Fernando Collor, o primeiro presidente escolhido em eleições diretas após a Redemocratização, igualmente abriu mão do Alvorada. Continuou morando na Casa da Dinda, a mansão da família, toda cercada de muros. No fim da manhã de domingo, o Caçador de Marajás saía de seu palacete para correr na rua, cada vez com uma camiseta com dizeres diferentes para o deleite dos repórteres da TV Globo que mostravam ao vivo o exercício do presidente, colocado no poder por reiteradas manipulações do Jornal Nacional. Qualquer semelhança não é mera coincidência, apenas “interésses”, como diria o Brizola.

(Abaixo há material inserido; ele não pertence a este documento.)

(* Let $A\in M_n(\mathbb{C})$, $x\in\mathbb{C}S^n$, and let $B_r$ be a ball of radius $r>0$ centered at $x$ in $\mathbb{C}^n$. Then $f_A(\mathbb{C}S^n\cap B_r)$ is a convex subset of $\mathbb{C}$.
   Context: $\mathbb{C}S^n$ is the unit sphere of $\mathbb{C}^n$ and $f_A(y)=y^*Ay$. *)

From HB Require Import structures.
From mathcomp Require Import all_boot all_order all_algebra.
From mathcomp Require Import complex.
From mathcomp Require Import reals.
Set Implicit Arguments. Unset Strict Implicit. Unset Printing Implicit Defensive.
Import Order.TTheory GRing.Theory Num.Theory.
Local Open Scope ring_scope.

Definition vnorm (R : realType) (n : nat) (v : 'cV[R[i]]_n) : R[i] :=
  sqrtC (\sum_(k < n) `|v k 0| ^+ 2).

Definition adjv (R : realType) (n : nat) (y : 'cV[R[i]]_n) : 'rV[R[i]]_n :=
  (map_mx Num.conj y)^T.

Definition fA (R : realType) (n : nat) (A : 'M[R[i]]_n) (y : 'cV[R[i]]_n) : R[i] :=
  (adjv y *m A *m y) 0 0.

Definition unit_sphere (R : realType) (n : nat) (y : 'cV[R[i]]_n) : Prop :=
  vnorm y = 1.

Definition cball (R : realType) (n : nat) (x : 'cV[R[i]]_n) (r : R) (y : 'cV[R[i]]_n) : Prop :=
  vnorm (y - x) < (r%:C)%C.

Definition convexC (R : realType) (S : R[i] -> Prop) : Prop :=
  forall a b : R[i], S a -> S b -> forall t : R, 0 <= t <= 1 ->
    S (((1 - t)%:C)%C * a + (t%:C)%C * b).

(* Let y1, y2 be in the sphere and the ball and look for y = al y1 + be y2.
   The requirements |y| = 1, f_A(y) = (1 - t) f_A(y1) + t f_A(y2) and
   |<x, y>|^2 >= (1 - t) |<x, y1>|^2 + t |<x, y2>|^2 are affine in the rank-one
   Hermitian matrix X = v v^* with v = (al, be), and the rank-two matrix
   D = diag (1 - t, t) meets them.  Move along a Hermitian K preserving the two
   equalities: det (D + rho K) is a quadratic in rho with nonnegative constant
   term and negative leading coefficient (K is indefinite because
   |<y1, y2>| < 1), so it vanishes at some rho of the sign that does not
   decrease the third quantity.  A unit phase then makes <x, y> real and
   nonnegative; as |<x, yi>| >= Re <x, yi> > 1 - r^2/2, the third requirement
   gives |<x, y>| > 1 - r^2/2, which puts y in the ball. *)

From HB Require Import structures.
From mathcomp Require Import all_boot all_order all_algebra.
From mathcomp Require Import complex reals.
From mathcomp Require Import ring lra.
Import Order.TTheory GRing.Theory Num.Theory.
Local Open Scope ring_scope.

Section RealFacts.
Context {R : rcfType}.

Lemma quadratic_root_signed (a b c e : R) : a < 0 -> 0 <= c ->
  exists rho : R, a * rho ^+ 2 + b * rho + c = 0 /\ 0 <= rho * e.
Proof.
move=> a_lt0 c_ge0.
set s := Num.sqrt (b ^+ 2 - 4 * a * c).
have s_ge0 : 0 <= s by exact: sqrtr_ge0.
have s2 : s ^+ 2 = b ^+ 2 - 4 * a * c by rewrite sqr_sqrtr //; nra.
have b_le_s : `|b| <= s.
  by rewrite -(ger0_norm s_ge0) -ler_sqr ?nnegrE // !real_normK ?num_real //; nra.
have a_neq0 : a != 0 by rewrite lt_eqF.
pose sg : R := if 0 <= e then 1 else -1.
have [rho rhoE] : exists rho, 2 * a * rho = - b - sg * s.
  by exists ((- b - sg * s) / (2 * a)); rewrite mulrC divfK // mulf_neq0 // pnatr_eq0.
exists rho; split.
- apply: (@mulfI _ (4 * a)); first by rewrite mulf_neq0 // pnatr_eq0.
  have sg2 : sg ^+ 2 = 1 by rewrite /sg; case: ifP; rewrite ?sqrrN expr1n.
  have -> : 4 * a * (a * rho ^+ 2 + b * rho + c) =
    (2 * a * rho) ^+ 2 + 2 * b * (2 * a * rho) + 4 * a * c by ring.
  rewrite rhoE mulr0.
  have -> : (- b - sg * s) ^+ 2 = b ^+ 2 + 2 * b * sg * s + sg ^+ 2 * s ^+ 2 by ring.
  by rewrite sg2 s2; ring.
- have [b_le b_ge] : b <= s /\ - b <= s.
    by have := ler_norm b; have := ler_norm (- b); rewrite normrN; lra.
  move: rhoE; rewrite /sg; case: ifP => e_ge0 rhoE.
    by apply: mulr_ge0 => //; nra.
  have e_lt0 : e < 0 by rewrite ltNge e_ge0.
  by apply: mulr_le0; nra.
Qed.

Lemma diag_ge0_of_trace1 {m1 m2 s : R} :
  s ^+ 2 <= 4 * (m1 * m2) -> m1 + m2 + s = 1 -> 0 <= m1 /\ 0 <= m2.
Proof.
move=> hs htr.
have amgm : 4 * (m1 * m2) <= (m1 + m2) ^+ 2 by have := sqr_ge0 (m1 - m2); nra.
have prod_ge0 : 0 <= m1 * m2 by have := sqr_ge0 s; lra.
have s_le : s <= 1 / 2.
  have -> : s = 1 - (m1 + m2) by lra.
  nra.
by split; rewrite leNgt; apply/negP => hlt0; nra.
Qed.

Lemma lt_sqrt_convex {c x1 x2 n1 n2 N t : R} : 0 <= t <= 1 ->
  c < x1 -> c < x2 -> x1 ^+ 2 <= n1 -> x2 ^+ 2 <= n2 ->
  (1 - t) * n1 + t * n2 <= N -> c < Num.sqrt N.
Proof.
move=> t01 cx1 cx2 xn1 xn2 hN.
have [c_lt0|c_ge0] := ltP c 0; first by apply: (lt_le_trans c_lt0); exact: sqrtr_ge0.
have cn1 : c ^+ 2 < n1 by nra.
have cn2 : c ^+ 2 < n2 by nra.
have cN : c ^+ 2 < N.
  have w1 : 0 <= (1 - t) * (n1 - c ^+ 2) by apply: mulr_ge0; lra.
  have [t0|t_gt0] := eqVneq t 0; first by rewrite t0 in hN; lra.
  have w2 : 0 < t * (n2 - c ^+ 2) by apply: mulr_gt0; rewrite ?lt0r ?t0; lra.
  lra.
by rewrite -(ger0_norm c_ge0) -sqrtr_sqr ltr_sqrt //; nra.
Qed.
End RealFacts.

Section ComplexScalars.
Context {R : rcfType}.
Local Notation C := R[i].
Local Notation Re := complex.Re.
Local Notation "x %:C" := (x%:C)%C.

Lemma conjC_realc (x : R) : (x%:C)^* = x%:C :> C.
Proof. exact: conjc_real. Qed.

Lemma conjC_fixedE (z : C) : z^* = z -> (Re z)%:C = z.
Proof. by move=> zJ; apply: RRe_real; rewrite CrealE zJ. Qed.

Lemma mul_conjC_ReE (z : C) : (Re (z^* * z))%:C = z^* * z.
Proof. by apply: conjC_fixedE; rewrite rmorphM /= conjCK mulrC. Qed.

Lemma Re_mul_conjC_ge0 (z : C) : 0 <= Re (z^* * z).
Proof. by rewrite -ler0c mul_conjC_ReE mulrC mul_conjC_ge0. Qed.

Lemma sqr_Re_le_mul_conjC (z : C) : Re z ^+ 2 <= Re (z^* * z).
Proof. by case: z => a b /=; nra. Qed.

Lemma Re_cross_sqr_le (g d : C) :
  Re (d^* * g + d * g^*) ^+ 2 <= 4 * Re (g^* * g) * Re (d^* * d).
Proof.
by case: g => g1 g2; case: d => d1 d2 /=; have := sqr_ge0 (g1 * d2 - g2 * d1); nra.
Qed.

Lemma cross_ReE (d g : C) : (Re (d^* * g + d * g^*))%:C = d^* * g + d * g^*.
Proof. by apply: conjC_fixedE; rewrite rmorphD !rmorphM /= !conjCK addrC. Qed.

Lemma rank_one_factor {m1 m2 : R} {mu : C} : 0 <= m1 -> 0 <= m2 ->
  mu^* * mu = (m1 * m2)%:C ->
  exists al be : C, [/\ al^* * al = m1%:C, be^* * al = mu & be^* * be = m2%:C].
Proof.
move=> m1_ge0 m2_ge0 hmu.
have [m10|m1_neq0] := eqVneq m1 0.
  have -> : mu = 0 by apply/eqP; rewrite -mul_conjC_eq0 mulrC hmu m10 mul0r.
  exists 0, (Num.sqrt m2)%:C; rewrite m10; split; rewrite ?mulr0 //.
  by rewrite conjC_realc -rmorphM /= -expr2 sqr_sqrtr.
have ss : Num.sqrt m1 * Num.sqrt m1 = m1 by rewrite -expr2 sqr_sqrtr.
have s_neq0 : (Num.sqrt m1)%:C != 0 :> C.
  by rewrite eq_complex /= eqxx andbT sqrtr_eq0 -ltNge lt_def m1_neq0.
exists (Num.sqrt m1)%:C, (mu^* / (Num.sqrt m1)%:C); rewrite conjC_realc; split.
- by rewrite -rmorphM /= ss.
- by rewrite rmorphM /= fmorphV /= conjC_realc conjCK divfK.
- rewrite rmorphM /= fmorphV /= conjC_realc conjCK mulrACA [mu * _]mulrC hmu.
  by rewrite -invfM -rmorphM /= ss -fmorphV -rmorphM /=; congr (_%:C); field.
Qed.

Lula está incomodado, diz que não tem onde morar em Brasília, porque a Janja vetou a estrutura e estado de conservação do Palácio da Alvorada. Apesar de ser um prédio ousado, todo envidraçado para contemplar o olhar translúcido de JK, foi construído em 1957, com mobiliário minimalista, característica do modernismo. Desculpe a ousadia, mas sugiro à nova primeira-dama que substitua as cortinas eletrônicas claras e as de tecido leves por outras pesadas de veludo vermelho, a cor do Partido, para cobrir as indiscretas vidraças. Ela também poderia conversar com a Rosane, ex-mulher de Collor, para lhe dar dicas para a decoração do Palácio da Alvorada com base no requinte da Casa da Dinda, com móveis Luiz XV, sofás com assentos de seda misturados com poltronas de vime, tapete indiano e candelabro rococó de louça. Ficaria um luxo só.

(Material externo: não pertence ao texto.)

(* Let $S$ be a connected surface without boundary, $K\subset S$ a compact connected set, and $U$ a residual domain of $K$. Let $\alpha:\,]0,1]\to U$ be a path such that $\lim_{t\to0}\alpha(t)=p\in K$ in $S$. Then there exists an ideal boundary point $b$ of $U$ which is relatively compact in $S$ such that $\lim_{t\to0}\alpha(t)=b$ in the ideal completion $B(U)$.
   Context: A residual domain of $K$ is a connected component of $S-K$. For a surface $X$, an ideal boundary component of $X$ is a decreasing sequence $V_1\supset V_2\supset\cdots$ of nonempty subsets of $X$ such that each $V_n$ is open in $X$ and connected, $cl_XV_n$ is not compact, $fr_XV_n$ is compact, and for every compact $C\subset X$ there is $n_0$ with $C\cap V_n=\emptyset$ for $n\ge n_0$; two such sequences $(V_n)$, $(V'_n)$ are equivalent if for every $n$ there is $m$ with $V_m\subset V'_n$, and vice versa. The ideal boundary $b(X)$ is the set of equivalence classes and $B(X)=X\sqcup b(X)$ is the ideal completion, with topology having as basis the sets $A\cup A'$, where $A\subset X$ is open connected with $fr_XA$ compact and $A'$ is the set of ideal boundary points represented by some $(V_n)$ with $V_n\subset A$ for all large $n$. An ideal boundary point of $U$ represented by $(V_n)$ is relatively compact in $S$ if some $V_n$ has compact closure in $S$. *)

From HB Require Import structures.
From mathcomp Require Import all_boot all_order all_algebra.
From mathcomp Require Import all_classical all_reals all_analysis.
From mathcomp Require Import Rstruct Rstruct_topology.
Set Implicit Arguments. Unset Strict Implicit. Unset Printing Implicit Defensive.
Import Order.TTheory GRing.Theory Num.Theory.
Local Open Scope classical_set_scope.

Definition R2 := (Rdefinitions.R * Rdefinitions.R)%type.

Section Surfaces.
Context {S : topologicalType}.

Definition rel_open (X A : set S) := exists O : set S, open O /\ A = O `&` X.
Definition rel_closure (X A : set S) := closure A `&` X.
Definition rel_interior (X A : set S) :=
  \bigcup_(O in [set O | rel_open X O /\ O `<=` A]) O.
Definition rel_frontier (X A : set S) := rel_closure X A `\` rel_interior X A.

Definition ideal_bd_seq (X : set S) (V : nat -> set S) :=
  (forall n, V n.+1 `<=` V n) /\
  (forall n, V n !=set0 /\ V n `<=` X /\ rel_open X (V n) /\ connected (V n) /\
             ~ compact (rel_closure X (V n)) /\ compact (rel_frontier X (V n))) /\
  (forall C : set S, compact C -> C `<=` X ->
     exists n0, forall n, (n0 <= n)%N -> C `&` V n = set0).

Definition ideal_bd_equiv (V V' : nat -> set S) :=
  (forall n, exists m, V m `<=` V' n) /\ (forall n, exists m, V' m `<=` V n).

Definition rel_compact_in_S (V : nat -> set S) := exists n, compact (closure (V n)).

(* Basic open neighbourhood A ∪ A' of the ideal point [V] in B(X):
   A open connected in X with compact frontier in X, and [V] ∈ A'. *)
Definition basic_nbhd_of_ideal (X : set S) (V : nat -> set S) (A : set S) :=
  A `<=` X /\ rel_open X A /\ connected A /\ compact (rel_frontier X A) /\
  exists V', ideal_bd_seq X V' /\ ideal_bd_equiv V V' /\
             exists n0, forall n, (n0 <= n)%N -> V' n `<=` A.

Definition second_countable :=
  exists B : set (set S), countable B /\ (forall b, B b -> open b) /\
    forall O : set S, open O -> forall x, O x -> exists b, B b /\ b x /\ b `<=` O.

Definition locally_euclidean2 :=
  forall x : S, exists (O : set S) (W : set R2) (f : S -> R2) (g : R2 -> S),
    open O /\ O x /\ open W /\ f @` O = W /\
    {within O, continuous f} /\ {within W, continuous g} /\
    (forall y, O y -> g (f y) = y).

Definition surface := hausdorff_space S /\ second_countable /\ locally_euclidean2.

End Surfaces.

(* Exhaust [U] by compacts [L 0 ⊆ L 1 ⊆ ...] and let [V n] be the component
   of [U \ L n] containing a tail [alpha(]0, t_n])] of the path.  The [V n]
   decrease, eventually avoid every compact subset of [U], have compact
   frontiers in [U] (they lie in [L n]), and their closures contain [p ∉ U], so
   they define an ideal boundary point, to which [alpha] converges.  It is
   relatively compact because the tails are taken inside a neighbourhood [W] of
   [K] with compact closure and [V 0] cannot leave [W]: the frontier of [W]
   inside [U] is put into [L 0]. *)

From Pilot Require Import Defs.
From HB Require Import structures.
From mathcomp Require Import all_boot all_order all_algebra.
From mathcomp Require Import all_classical all_reals all_analysis.
From mathcomp Require Import Rstruct Rstruct_topology.
Import Order.TTheory GRing.Theory Num.Theory.
Local Open Scope classical_set_scope.
Local Open Scope ring_scope.

Local Notation R := Rdefinitions.R.

Lemma open_setX {T U : topologicalType} (A : set T) (B : set U) :
  open A -> open B -> open (A `*` B).
Proof.
move=> oA oB; rewrite openE => -[a b] [/= Aa Bb].
by exists (A, B) => //=; split; apply: open_nbhs_nbhs.
Qed.

Lemma connected_setX {T U : topologicalType} (A : set T) (B : set U) :
  connected A -> connected B -> connected (A `*` B).
Proof.
move=> cA cB.
have [[a0 Aa0]|nA] := pselect (A !=set0); last first.
  suff -> : A `*` B = set0 by exact: connected0.
  by apply/seteqP; split=> // -[x y] [/= Ax _]; apply: nA; exists x.
have [[b0 Bb0]|nB] := pselect (B !=set0); last first.
  suff -> : A `*` B = set0 by exact: connected0.
  by apply/seteqP; split=> // -[x y] [/= _ By]; apply: nB; exists y.
have -> : A `*` B =
    \bigcup_(a in A) ((fun y => (a, y)) @` B `|` (fun x => (x, b0)) @` A).
  apply/seteqP; split=> [[x y] [/= Ax By]|]; first by exists x => //; left; exists y.
  by move=> [x y] [a Aa [[y' By' [<- <-]]|[x' Ax' [<- <-]]]].
apply: bigcup_connected; first by exists (a0, b0) => a Aa; right; exists a0.
move=> a Aa; apply: connectedU.
- by exists (a, b0); split; [exists b0|exists a].
- apply: connected_continuous_connected => //; apply: continuous_subspaceT.
  by move=> y; apply: cvg_pair; [exact: cvg_cst|exact: cvg_id].
- apply: connected_continuous_connected => //; apply: continuous_subspaceT.
  by move=> y; apply: cvg_pair; [exact: cvg_id|exact: cvg_cst].
Qed.

Lemma closure_sub_closed {T : topologicalType} (A C : set T) :
  closed C -> A `<=` C -> closure A `<=` C.
Proof. by move=> cC AC; rewrite (closure_id C).1 //; apply: closureS. Qed.

Lemma connected_sub_open {T : topologicalType} (A O : set T) :
  open O -> connected A -> A `&` O !=set0 -> A `&` closure O `<=` O -> A `<=` O.
Proof.
move=> oO cA [a [Aa Oa]] AclO.
have sep : separated O (~` closure O).
  split; first by rewrite setICr.
  apply/seteqP; split => // y [Oy clCy].
  have [z [nclz Oz]] := clCy O (open_nbhs_nbhs (conj oO Oy)).
  by apply: nclz; apply: subset_closure.
have AOC : A `<=` O `|` ~` closure O.
  move=> y Ay; have [Oy|nOy] := pselect (O y); first by left.
  by right=> cly; apply: nOy; apply: AclO.
have [//|AC] := connected_subset sep AOC cA.
by case: (AC a Aa); apply: subset_closure.
Qed.

Lemma compact_cover_nat {T : topologicalType} {C : set T} {e : nat -> set T} :
  compact C -> (forall n, open (e n)) -> C `<=` \bigcup_n e n ->
  exists N, C `<=` \bigcup_(i < N) e i.
Proof.
move=> /compact_near_coveringP cC oe Ce.
have [|N _ HN] := cC nat \oo (fun i x => exists2 j, (j < i)%N & e j x).
  move=> x /Ce [j _ ejx]; exists (e j, [set i | (j < i)%N]) => /=.
    by split; [apply: open_nbhs_nbhs; split | exists j.+1].
  by move=> [y i] [/= ejy ji]; exists j.
exists N => y Cy; have [j jN ejy] := HN N (leqnn N) y Cy.
by exists j.
Qed.

Lemma rel_interior_open {S : topologicalType} (X A : set S) :
  open A -> A `<=` X -> rel_interior X A = A.
Proof.
move=> oA AX; apply/seteqP; split=> [y [W [_ WA] Wy]|y Ay]; first exact: WA.
by exists A => //; split => //; exists A; split => //; rewrite setIidl.
Qed.

Lemma rel_closure_not_compact {S : topologicalType} (X A : set S) (p : S) :
  hausdorff_space S -> A `<=` X -> ~ X p -> closure A p ->
  ~ compact (rel_closure X A).
Proof.
move=> hausS AX Xp clAp cA; apply: Xp.
have : closure (rel_closure X A) p.
  by apply: closureS clAp => y Ay; split; [apply: subset_closure|apply: AX].
by rewrite -(closure_id _).1 => [[]|]; last exact: compact_closed.
Qed.

Lemma basic_nbhd_of_ideal_sub {S : topologicalType} (X A : set S) (V : nat -> set S) :
  basic_nbhd_of_ideal X V A -> exists n, V n `<=` A.
Proof.
move=> [_ [_ [_ [_ [V' [_ [[VV' _] [n0 V'A]]]]]]]].
by have [m Vm] := VV' n0; exists m => y /Vm; apply: V'A.
Qed.

Lemma at_right0_decreasing_times {T : topologicalType} {f : R -> T} {p : T}
    (N : nat -> set T) :
  f @ 0^'+ --> p -> (forall n, nbhs p (N n)) ->
  exists tt : nat -> R, [/\ forall n, 0 < tt n <= 1, forall n, tt n.+1 <= tt n
    & forall n t, 0 < t <= tt n -> N n (f t)].
Proof.
move=> fp Np.
have /choice [s s_spec] n : exists s : R, 0 < s <= 1 /\ forall t, 0 < t <= s -> N n (f t).
  have /nbhs_ballP [d /= d0 fN] := fp _ (Np n).
  have d20 : 0 < d / 2 by rewrite divr_gt0.
  exists (Num.min (d / 2) 1); split; first by rewrite lt_min d20 ltr01 ge_min lexx orbT.
  move=> t /andP [t0 tle]; apply: fN => //.
  rewrite /ball /= sub0r normrN gtr0_norm //; apply: (le_lt_trans tle).
  by rewrite gt_min ltr_pdivrMr // ltr_pMr // ltr1n.
pose tt := fix tt n := if n is m.+1 then Num.min (tt m) (s m.+1) else s 0%N.
have tt_s n : tt n <= s n by case: n => [|n] /=; rewrite ?ge_min lexx ?orbT.
have tt_gt0 n : 0 < tt n.
  elim: n => [|n IH] /=; first by case/andP: (s_spec 0%N).1.
  by rewrite lt_min IH; case/andP: (s_spec n.+1).1.
exists tt; split=> [n|n|n t /andP [t0 tn]].
- by rewrite tt_gt0 (le_trans (tt_s n)) //; case/andP: (s_spec n).1.
- by rewrite /= ge_min lexx.
- by apply: (s_spec n).2; rewrite t0 (le_trans tn).
Qed.

Lemma R2_ballE (z : R2) (e : R) : ball z e = ball z.1 e `*` ball z.2 e.
Proof. by []. Qed.

Lemma open_R2_ball (z : R2) (e : R) : open (ball z e).
Proof. by rewrite R2_ballE; apply: open_setX; apply: (@ball_open _ R^o). Qed.

Lemma connected_R2_ball (z : R2) (e : R) : connected (ball z e).
Proof.
rewrite R2_ballE; apply: connected_setX; rewrite ball_itv.
  by apply/connected_intervalP; apply: interval_is_interval.
by apply/connected_intervalP; apply: interval_is_interval.
Qed.

Lemma R2_ball_sub_compact (z : R2) (e : R) : 0 < e ->
  exists C : set R2, [/\ compact C, ball z (e / 2) `<=` C & C `<=` ball z e].
Proof.
move=> e0; have e20 : 0 < e / 2 by rewrite divr_gt0.
have e2e : e / 2 < e by rewrite ltr_pdivrMr // ltr_pMr // ltr1n.
exists (closed_ball z.1 (e / 2) `*` closed_ball z.2 (e / 2)); split.
- by apply: compact_setX; apply: closed_ballR_compact.
- by move=> [x y] [/= H1 H2]; split; apply: subset_closed_ball.
- by move=> [x y] [/= H1 H2]; split; apply: (closed_ball_subset e20 e2e).
Qed.

Definition compact_exhaustion {S : topologicalType} (U : set S) (L : nat -> set S) :=
  [/\ forall n, compact (L n), forall n, L n `<=` U,
      {homo L : m n / (m <= n)%N >-> m `<=` n} &
      forall C, compact C -> C `<=` U -> exists n, C `<=` (L n)°].

Section Surface.
Context {S : topologicalType}.
Hypothesis hausS : hausdorff_space S.
Hypothesis eucS : locally_euclidean2 (S := S).

Lemma locally_euclidean2_nbhs {P : set S} {x : S} : open P -> P x ->
  exists Q, [/\ open Q, Q x, connected Q, compact (closure Q) & closure Q `<=` P].
Proof.
move=> oP Px.
have [Oc [Wc [f [g [oOc [Ox [oWc [fOW [cf [cg gf]]]]]]]]]] := eucS x.
have cf' : {in Oc, continuous f} by rewrite -continuous_open_subspace.
have cg' : {in Wc, continuous g} by rewrite -continuous_open_subspace.
have Wfx : Wc (f x) by rewrite -fOW; exists x.
have [e e0 eWP] : exists2 e : R, 0 < e & ball (f x) e `<=` Wc `&` g @^-1` P.
  have oWP : open (Wc `&` g @^-1` P) by apply: (continuous_inP _ oWc).1 cg' _ oP.
  have /nbhs_ballP[e e0 eWP] : nbhs (f x) (Wc `&` g @^-1` P).
    by apply: open_nbhs_nbhs; split => //; rewrite /= gf.
  by exists e.
have [C [cC bC CWP]] := R2_ball_sub_compact (f x) e e0.
have CW : C `<=` Wc by move=> y /CWP /eWP [].
have gC : compact (g @` C) by apply: continuous_compact (continuous_subspaceW CW cg) cC.
set D := ball (f x) (e / 2).
have DW : D `<=` Wc by move=> y /bC /CW.
have gDE : g @` D = Oc `&` f @^-1` D.
  apply/seteqP; split=> [_ [y Dy <-]|z [Oz Dfz]]; last by exists (f z); rewrite ?gf.
  have : Wc y by apply: DW.
  by rewrite -fOW => -[z Oz fzy]; subst y; rewrite /= (gf z Oz).
have clgD : closure (g @` D) `<=` g @` C.
  apply: closure_sub_closed; first exact: compact_closed.
  by move=> _ [y /bC Cy <-]; exists y.
exists (g @` D); split.
- by rewrite gDE; apply: (continuous_inP _ oOc).1 cf' _ (open_R2_ball _ _).
- by exists (f x); [apply: ballxx; rewrite divr_gt0 | rewrite gf].
- apply: connected_continuous_connected (connected_R2_ball _ _) _.
  exact: continuous_subspaceW DW cg.
- exact: subclosed_compact (@closed_closure _ _) gC clgD.
- by move=> y /clgD [z /CWP /eWP [_ Pgz] <-].
Qed.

Quando Alexandre de Moraes assumir a Presidência no lugar do Lula, parece inevitável, ele naturalmente não irá morar atrás das vidraças do Alvorada. Muito vulnerável, nada a ver. Coisas de JK, o presidente bossa-nova. Poderia residir na subterrânea Catedral de Brasília, transformada num bunker, com ogivas nucleares embaixo dos pilares bumerangues do templo, dispostos em formas circulares, inclinados, todos se unindo ao alto. Não seria um sacrilégio, pois a igreja desenhada pelo marxista e ateu Niemeyer parece mais um abrigo antiaéreo capaz de garantir a segurança da Praça dos Três Poderes. O grande arquiteto foi um visionário até nesse item.